Their insight, known as cointegration, has been described as a method of uncovering long-run relationships between variables that are concealed by the noise of short-term fluctuations. An engineer might look at this as disentangling the “signal” from the “noise.” An economist could consider it a way of distinguishing between a random fluctuation and a correction back to an equilibrium level. A statistician would regard it as a way of doing regression analysis on non-stationary (i.e., stochastically trending) variables that gives statistically valid results.

It is this last (and most technical) aspect of cointegration which accounts for its influence in the econometric world. Cointegration methods will inevitably make their way into the statistical analysis of antitrust issues and, ultimately, into the courtroom. The purpose of this article is to introduce the intuition behind cointegration in the context of antitrust econometrics. The focus will be the multivariate cointegration model pioneered by Johansen.²

*The Nature of Time Series and the Problem of Spurious Regression*

Econometric studies relevant to antitrust issues are often concerned with time series, i.e., a list of n sequential observations, Xt = {x1, x2, x3, …, xn} of a particular variable that varies over time. The graph of a typical price series is given in Fig. 1, which shows the price of a particular variety and grade of lumber over a 22-year period.

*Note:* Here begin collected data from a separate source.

(* Let $N$ be a nontrivial normal subgroup of $G_2$. If $\phi(N)\simeq A_8$, then $N=L$, where $L$ is the set of elements of $G_2$ expressible as a word of even length in the generators $u,d,f,b,l,r$ and their inverses.
   Context: The $2\times2\times2$ Rubik's cube consists of 8 corner cubelets, each carrying 3 colored stickers. Corner positions are numbered 1 = top-front-left, 2 = top-front-right, 3 = top-back-left, 4 = top-back-right, 5 = bottom-front-left, 6 = bottom-front-right, 7 = bottom-back-left, 8 = bottom-back-right. $G_2$ is the subgroup of the symmetric group on the 24 stickers generated by the six moves $u,d,f,b,l,r$ rotating respectively the top, bottom, front, back, left, right layer of four cubelets by $90^\circ$ clockwise as seen from outside facing that face. $\phi:G_2\to S_8$ records the permutation of corner positions. *)

From mathcomp Require Import all_boot all_fingroup.
From mathcomp Require Import alt.
Set Implicit Arguments. Unset Strict Implicit. Unset Printing Implicit Defensive.
Local Open Scope group_scope.

(* Corner positions (0-indexed): 0 = top-front-left, 1 = top-front-right,
   2 = top-back-left, 3 = top-back-right, 4 = bottom-front-left,
   5 = bottom-front-right, 6 = bottom-back-left, 7 = bottom-back-right
   (paper's positions 1..8).
   Sticker 3*c + k sits on corner position c; k = 0: its U/D face,
   k = 1: its F/B face, k = 2: its L/R face. *)

(* A quarter turn about the axis of face-type [ax] keeps stickers of type [ax]
   on the same face type and swaps the other two face types. *)
Definition swap_type (ax k : nat) : nat :=
  if k == ax then k else 3 - ax - k.

Definition move_nat (cyc : nat -> nat) (ax : nat) (n : nat) : nat :=
  if cyc (n %/ 3) == n %/ 3 then n
  else 3 * cyc (n %/ 3) + swap_type ax (n %% 3).

Definition move_fun (cyc : nat -> nat) (ax : nat) (s : 'I_24) : 'I_24 :=
  inord (move_nat cyc ax s).

(* clockwise 4-cycles of corner positions, as seen from outside the face *)
Definition cyc_u (c : nat) : nat :=
  match c with 2 => 3 | 3 => 1 | 1 => 0 | 0 => 2 | _ => c end.
Definition cyc_d (c : nat) : nat :=
  match c with 6 => 4 | 4 => 5 | 5 => 7 | 7 => 6 | _ => c end.
Definition cyc_f (c : nat) : nat :=
  match c with 0 => 1 | 1 => 5 | 5 => 4 | 4 => 0 | _ => c end.
Definition cyc_b (c : nat) : nat :=
  match c with 2 => 6 | 6 => 7 | 7 => 3 | 3 => 2 | _ => c end.
Definition cyc_l (c : nat) : nat :=
  match c with 2 => 0 | 0 => 4 | 4 => 6 | 6 => 2 | _ => c end.
Definition cyc_r (c : nat) : nat :=
  match c with 1 => 3 | 3 => 7 | 7 => 5 | 5 => 1 | _ => c end.

Lemma move_fun_inj cyc ci ax :
  all (fun n => (move_nat cyc ax n < 24) &&
                (move_nat ci ax (move_nat cyc ax n) == n)) (iota 0 24) ->
  injective (move_fun cyc ax).
Proof.
move=> /allP H x y Exy.
have mem (z : 'I_24) : (nat_of_ord z \in iota 0 24) by rewrite mem_iota ltn_ord.
case/andP: (H x (mem x)) => lx /eqP ix.
case/andP: (H y (mem y)) => ly /eqP iy.
have E : move_nat cyc ax x = move_nat cyc ax y.
  by move: (congr1 val Exy); rewrite /move_fun /= !inordK.
by apply/val_inj => /=; rewrite -ix E iy.
Qed.

Lemma move_u_inj : injective (move_fun cyc_u 0).
Proof. by apply: (@move_fun_inj _ (cyc_u \o cyc_u \o cyc_u)). Qed.
Lemma move_d_inj : injective (move_fun cyc_d 0).
Proof. by apply: (@move_fun_inj _ (cyc_d \o cyc_d \o cyc_d)). Qed.
Lemma move_f_inj : injective (move_fun cyc_f 1).
Proof. by apply: (@move_fun_inj _ (cyc_f \o cyc_f \o cyc_f)). Qed.
Lemma move_b_inj : injective (move_fun cyc_b 1).
Proof. by apply: (@move_fun_inj _ (cyc_b \o cyc_b \o cyc_b)). Qed.
Lemma move_l_inj : injective (move_fun cyc_l 2).
Proof. by apply: (@move_fun_inj _ (cyc_l \o cyc_l \o cyc_l)). Qed.
Lemma move_r_inj : injective (move_fun cyc_r 2).
Proof. by apply: (@move_fun_inj _ (cyc_r \o cyc_r \o cyc_r)). Qed.

Definition mv_u : {perm 'I_24} := perm move_u_inj.
Definition mv_d : {perm 'I_24} := perm move_d_inj.
Definition mv_f : {perm 'I_24} := perm move_f_inj.
Definition mv_b : {perm 'I_24} := perm move_b_inj.
Definition mv_l : {perm 'I_24} := perm move_l_inj.
Definition mv_r : {perm 'I_24} := perm move_r_inj.

Definition cube_gens : seq {perm 'I_24} := [:: mv_u; mv_d; mv_f; mv_b; mv_l; mv_r].

Definition G2 : {group {perm 'I_24}} := <<[set x in cube_gens]>>%G.

(* phi : G_2 -> S_8, the induced permutation of corner positions:
   phi g sends c to the position of the cubelet that g moves away from c.
   (Defined on all of Sym(24), with default 1 where this is not a
   permutation; on G_2 it is the homomorphism of the paper.) *)
Definition corner_of (s : 'I_24) : 'I_8 := inord (s %/ 3).
Definition phi (g : {perm 'I_24}) : {perm 'I_8} :=
  insubd (1 : {perm 'I_8}) [ffun c : 'I_8 => corner_of (g (inord (3 * c)))].

Definition in_L (g : {perm 'I_24}) : Prop :=
  exists w : seq {perm 'I_24},
    [/\ all (fun x => (x \in cube_gens) || (x^-1 \in cube_gens)) w,
        ~~ odd (size w) & g = \prod_(x <- w) x].

From mathcomp Require Import all_boot all_fingroup ssralg zmodp.
From mathcomp Require Import alt commutator gseries zify.
Set Implicit Arguments. Unset Strict Implicit. Unset Printing Implicit Defensive.
Import GRing.Theory.
Local Open Scope group_scope.

(* Label each sticker by its corner c and an orientation i in Z/3.  With a
   suitable orientation convention every quarter turn acts as
   (c, i) |-> (s c, a c + i), where s is a 4-cycle of corners and the twist
   vector a has zero sum.  So G2 lies in the group of such permutations, phi is
   a homomorphism on G2 sending every generator to an odd permutation, and L is
   the preimage of A8 in G2.
   Since A8 is simple, the only subgroup of S8 isomorphic to A8 is A8, so N
   contains a lift of every even corner permutation.  Commuting such a lift
   with an explicit two-corner twist of G2 puts into N a twist by +1 at one
   corner and -1 at another; conjugating and adding such twists yields every
   zero-sum twist, i.e. all of ker phi.  Hence N is the preimage of A8 too. *)

Lemma isog_Alt_eq (T : finType) (H : {group {perm T}}) :
  4 < #|T| -> H \isog 'Alt_T -> H :=: 'Alt_T.
Proof.
move=> T_gt4 isoH; have cardH := card_isog isoH.
have Alt_gt2 : 2 < #|'Alt_T|.
  have := card_Alt (ltnW (ltnW (ltnW T_gt4))).
  by case: #|T| T_gt4 => // n n_gt3; rewrite factS; have := fact_gt0 n; nia.
have simH : simple H by rewrite (isog_simple isoH) simple_Alt5.
have nsHA_H : H :&: 'Alt_T <| H := normalGI (subsetT H) (Alt_normal T).
case/simpleP: simH => _ /(_ _ nsHA_H) [HA1 | HA_H]; last first.
  have sHA : H \subset 'Alt_T by rewrite -{1}HA_H; apply: subsetIr.
  by apply/eqP; rewrite eqEcard sHA cardH /=.
have : (#|H| * #|'Alt_T| <= 2 * #|'Alt_T|)%N.
  rewrite mul_cardG HA1 cards1 muln1 card_Alt ?(leq_trans _ T_gt4) //.
  by rewrite -card_Sym subset_leq_card ?subsetT.
by rewrite leq_pmul2r ?cardG_gt0 // cardH leqNgt Alt_gt2.
Qed.

Lemma all_iota_ord n (P : pred nat) : all P (iota 0 n) -> forall i : 'I_n, P i.
Proof. by move/allP => allP i; apply: allP; rewrite mem_iota ltn_ord. Qed.

Lemma all_iota_ord2 m n (P : nat -> pred nat) :
  all (fun i => all (P i) (iota 0 n)) (iota 0 m) -> forall (i : 'I_m) (j : 'I_n), P i j.
Proof. by move=> allP i; apply: all_iota_ord; apply: (all_iota_ord allP). Qed.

Figure 1: Real Price of Lumber, 1975-1996

This time series consists of 88 quarterly observations. The mean of the sample (i.e., the average price) is $1,096.75, which is indicated on the graph by the horizontal dotted line. What is most obvious about the data in Fig. 1 is its tendency to move from the lower left of the graph to the upper right, which is typical in any market in which prices tend to increase over time (the prices shown are real, that is, they have been corrected to eliminate the effect of inflation). The significance of this is that the sample mean summarizes the price quite poorly. Except for the periods around 1983 or mid-1993, the statement, “The average price over the sample is $1,096.75” is fairly uninformative, greatly overstating the price in the earlier part of the sample while understating it in the latter part. A strategy involving waiting a quarter or two for the price to revert to the mean would nearly always fail. Econometricians call this property “non-stationarity,” and the price variable in this case is said to be “nonstationary.”

An example of a stationary variable would be the time series defined as the difference of this price series, telling us to look at the time series consisting of the differences of the prices from one observation to the next. The graph of the lumber prices in differences is shown in Fig. 2.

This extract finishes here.